Was folgt daraus? Wir werden die Menschen nur zurückgewinnen, wenn wir sie ernst nehmen. Arbeiter, Bauern, Pflegekräfte und Erzieherinnen, Postboten und Reinigungskräfte sind tragende Säulen unserer Gesellschaft. Sie brauchen die materielle und ideelle Anerkennung, die sie verdienen. Sie müssen mehr gehört werden. Und wir brauchen mehr Gerechtigkeit!
Insbesondere müssen wir aus dem Krisenmodus herauskommen. Eine Regierung, die erfolgreich sein will, muss eine positive Vision malen. Die Politik, aber auch die Nichtregierungsorganisationen, die Klimabewegung und schließlich die Medien müssen aufhören, Zukunftspessimismus zu verbreiten, und stattdessen Wege zu einem gemeinsamen solidarischen Zusammenleben propagieren. Wir können den Klimawandel stoppen, wir können die Ungleichheit abbauen. Zugleich muss alles getan werden, um die Einwanderung gut zu managen. Die „Neuen“ müssen so schnell wie möglich Deutsch lernen und Arbeit aufnehmen. Und wir brauchen ausreichend günstige Wohnungen – und zwar für alle!
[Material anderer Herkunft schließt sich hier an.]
(* Let $\mathcal{R}$ be a probabilistic term rewrite system (PTRS) and let $\mathcal{A}(\mathcal{R})$ denote its set of canonical annotated dependency pairs. Then for every basic term $t \in \mathcal{T}_B(\mathcal{R})$ we have \[ \operatorname{edh}_{\mathcal{R}}(t) = \operatorname{edh}_{\langle \mathcal{A}(\mathcal{R}), \mathcal{A}(\mathcal{R}) \rangle}(t), \] and consequently $\iota_{\mathcal{R}} = \iota_{\langle \mathcal{A}(\mathcal{R}), \mathcal{A}(\mathcal{R}) \rangle}$.
   Context: Terms: $\Sigma$ is a finite signature, $\mathcal{V}$ a set of variables, $\mathcal{T}=\mathcal{T}(\Sigma,\mathcal{V})$ the terms; $t|_\pi$ is the subterm at position $\pi$, $t[r]_\pi$ the replacement, $\operatorname{root}(t)$ the root symbol, $\mathcal{V}(t)$ the variables of $t$, and $|t|$ the number of occurrences of function symbols and variables in $t$. A PTRS $\mathcal{R}$ is a finite set of rules $\ell \to \{p_1:r_1,\dots,p_k:r_k\}$ with $\ell\in\mathcal{T}\setminus\mathcal{V}$, $r_j\in\mathcal{T}$, $0<p_j\le 1$, $\sum_j p_j=1$ (a finite multiset of pairs), and $\mathcal{V}(r_j)\subseteq\mathcal{V}(\ell)$. Defined symbols $\mathcal{D}=\{\operatorname{root}(\ell)\mid \ell\to\mu\in\mathcal{R}\}$, constructors $\mathcal{C}=\Sigma\setminus\mathcal{D}$. A term $f(t_1,\dots,t_k)$ is basic if $f\in\mathcal{D}$ and all $t_i\in\mathcal{T}(\mathcal{C},\mathcal{V})$; $\mathcal{T}_B(\mathcal{R})$ is the set of basic terms. Innermost rewriting: $s \to_{\mathcal{R}} \{p_1:s[r_1\sigma]_\pi,\dots,p_k:s[r_k\sigma]_\pi\}$ if there are a position $\pi$, a rule $\ell\to\{p_1:r_1,\dots,p_k:r_k\}\in\mathcal{R}$ and a substitution $\sigma$ with $s|_\pi=\ell\sigma$ and every proper subterm of $\ell\sigma$ is a normal form w.r.t. $\mathcal{R}$. A rewrite sequence tree (RST) is a (possibly infinite) directed tree with finitely many children per node, each node $v$ labeled $(p_v:t_v)$ with $p_v\in(0,1]$, $t_v\in\mathcal{T}$, root probability $1$, such that if $v$ has children $w_1,\dots,w_k$ ($k\ge1$) then $t_v \to_{\mathcal{R}} \{\tfrac{p_{w_1}}{p_v}:t_{w_1},\dots,\tfrac{p_{w_k}}{p_v}:t_{w_k}\}$ (innermost). For an RST $\mathfrak{T}$, $\operatorname{edl}(\mathfrak{T})=\sum_{v \text{ inner node}} p_v$; $\operatorname{edh}_{\mathcal{R}}(t)=\sup\{\operatorname{edl}(\mathfrak{T})\mid \mathfrak{T}$ an RST with root term $t\}$; $\operatorname{eirc}_{\mathcal{R}}(n)=\sup\{\operatorname{edh}_{\mathcal{R}}(t)\mid t\in\mathcal{T}_B(\mathcal{R}),|t|\le n\}$, and $\iota_{\mathcal{R}}=\iota(\operatorname{eirc}_{\mathcal{R}})$. Complexities: $\mathfrak{C}=\{\mathrm{Pol}_0,\mathrm{Pol}_1,\mathrm{Pol}_2,\dots,\mathrm{Exp},\mathrm{2\text{-}Exp},\mathrm{Fin},\omega\}$ ordered $\mathrm{Pol}_0\sqsubset\mathrm{Pol}_1\sqsubset\dots\sqsubset\mathrm{Exp}\sqsubset\mathrm{2\text{-}Exp}\sqsubset\mathrm{Fin}\sqsubset\omega$. For $f:\mathbb{N}\to\mathbb{N}\cup\{\omega\}$: $\iota(f)=\mathrm{Pol}_a$ for the smallest $a$ with $f(n)\in O(n^a)$; otherwise $\mathrm{Exp}$ if $f(n)\in O(2^{\mathrm{pol}(n)})$ for a polynomial $\mathrm{pol}$; otherwise $\mathrm{2\text{-}Exp}$ if $f(n)\in O(2^{2^{\mathrm{pol}(n)}})$; otherwise $\mathrm{Fin}$ if $f(n)\neq\omega$ for all $n$; otherwise $\omega$. Annotations: for each $f\in\mathcal{D}$ a fresh symbol $f^\sharp$ of the same arity; $\mathcal{T}^\sharp$ are terms over $\Sigma\cup\{f^\sharp\mid f\in\mathcal{D}\}$. For $t=f(t_1,\dots,t_k)$ with $f\in\mathcal{D}$, $t^\sharp=f^\sharp(t_1,\dots,t_k)$. $\flat(t)$ removes all annotations; $\sharp_{\mathcal{D}}(t)$ annotates every defined symbol of $t$; $\flat^{\uparrow}_\pi(t)$ removes all annotations strictly above position $\pi$. An annotated dependency pair (ADP) is $\ell\to\{p_1:r_1,\dots,p_k:r_k\}^m$ with $\ell\in\mathcal{T}\setminus\mathcal{V}$, $r_j\in\mathcal{T}^\sharp$, $\mathcal{V}(r_j)\subseteq\mathcal{V}(\ell)$, probabilities as before, and flag $m\in\{\mathsf{true},\mathsf{false}\}$. The canonical ADP of a rule $\ell\to\{p_1:r_1,\dots,p_k:r_k\}$ is $\ell\to\{p_1:\sharp_{\mathcal{D}}(r_1),\dots,p_k:\sharp_{\mathcal{D}}(r_k)\}^{\mathsf{true}}$ and $\mathcal{A}(\mathcal{R})$ is the set of canonical ADPs of all rules of $\mathcal{R}$. For a set $\mathcal{P}$ of ADPs, defined symbols, constructors and basic terms are defined via the left-hand sides as for PTRSs. Rewriting with a finite set $\mathcal{P}$ of ADPs: $s\in\mathcal{T}^\sharp$ rewrites to $\{p_1:t_1,\dots,p_k:t_k\}$ if there is a position $\pi$ of $s$ carrying a defined or annotated symbol, an ADP $\ell\to\{p_1:r_1,\dots,p_k:r_k\}^m\in\mathcal{P}$ and $\sigma$ with $\flat(s|_\pi)=\ell\sigma$ and all proper subterms of $\ell\sigma$ are normal forms w.r.t. this rewrite relation, and: (at) if $m=\mathsf{true}$ and $s$ is annotated at $\pi$: $t_j=s[r_j\sigma]_\pi$; (nt) if $m=\mathsf{true}$ and not annotated at $\pi$: $t_j=s[\flat(r_j)\sigma]_\pi$; (af) if $m=\mathsf{false}$ and annotated at $\pi$: $t_j=\flat^\uparrow_\pi(s[r_j\sigma]_\pi)$; (nf) if $m=\mathsf{false}$ and not annotated: $t_j=\flat^\uparrow_\pi(s[\flat(r_j)\sigma]_\pi)$. A $\mathcal{P}$-chain tree is defined like an RST but with terms in $\mathcal{T}^\sharp$ and steps of this relation; for an inner node $v$ one records the used ADP and kind of step. For $\mathcal{S}\subseteq\mathcal{P}$, $\operatorname{edl}_{\langle\mathcal{P},\mathcal{S}\rangle}(\mathfrak{T})$ is the sum of $p_v$ over inner nodes $v$ rewritten by an (at)- or (af)-step with an ADP from $\mathcal{S}$; for a basic term $t$, $\operatorname{edh}_{\langle\mathcal{P},\mathcal{S}\rangle}(t)$ is the supremum of $\operatorname{edl}_{\langle\mathcal{P},\mathcal{S}\rangle}(\mathfrak{T})$ over all $\mathcal{P}$-chain trees whose root term is $t^\sharp$; $\operatorname{eirc}_{\langle\mathcal{P},\mathcal{S}\rangle}(n)=\sup\{\operatorname{edh}_{\langle\mathcal{P},\mathcal{S}\rangle}(t)\mid t$ basic w.r.t. $\mathcal{P}$, $|t|\le n\}$ and $\iota_{\langle\mathcal{P},\mathcal{S}\rangle}=\iota(\operatorname{eirc}_{\langle\mathcal{P},\mathcal{S}\rangle})$. *)

From HB Require Import structures.
From mathcomp Require Import all_boot all_order all_algebra.
From mathcomp Require Import all_classical all_reals.
From mathcomp Require Import ereal esum exp.
From Stdlib Require List Permutation.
Aber die wichtigste Botschaft lautet: Auch ohne Wachstum von Bevölkerung und Ressourcenverbrauch können wir die Lebensqualität durch unseren Erfindungsreichtum steigern. Dazu müssen wir unsere Arme unterhaken und die Herausforderungen gemeinsam in Angriff nehmen.
Karl-Martin Hentschel (Jahrgang 1950), Diplom-Mathematiker, war zwischen 2000 und 2009 Fraktionsvorsitzender der Grünen in Schleswig-Holstein, seit 2014 ist er Mitglied im Bundesvorstand des Vereins Mehr Demokratie e. V.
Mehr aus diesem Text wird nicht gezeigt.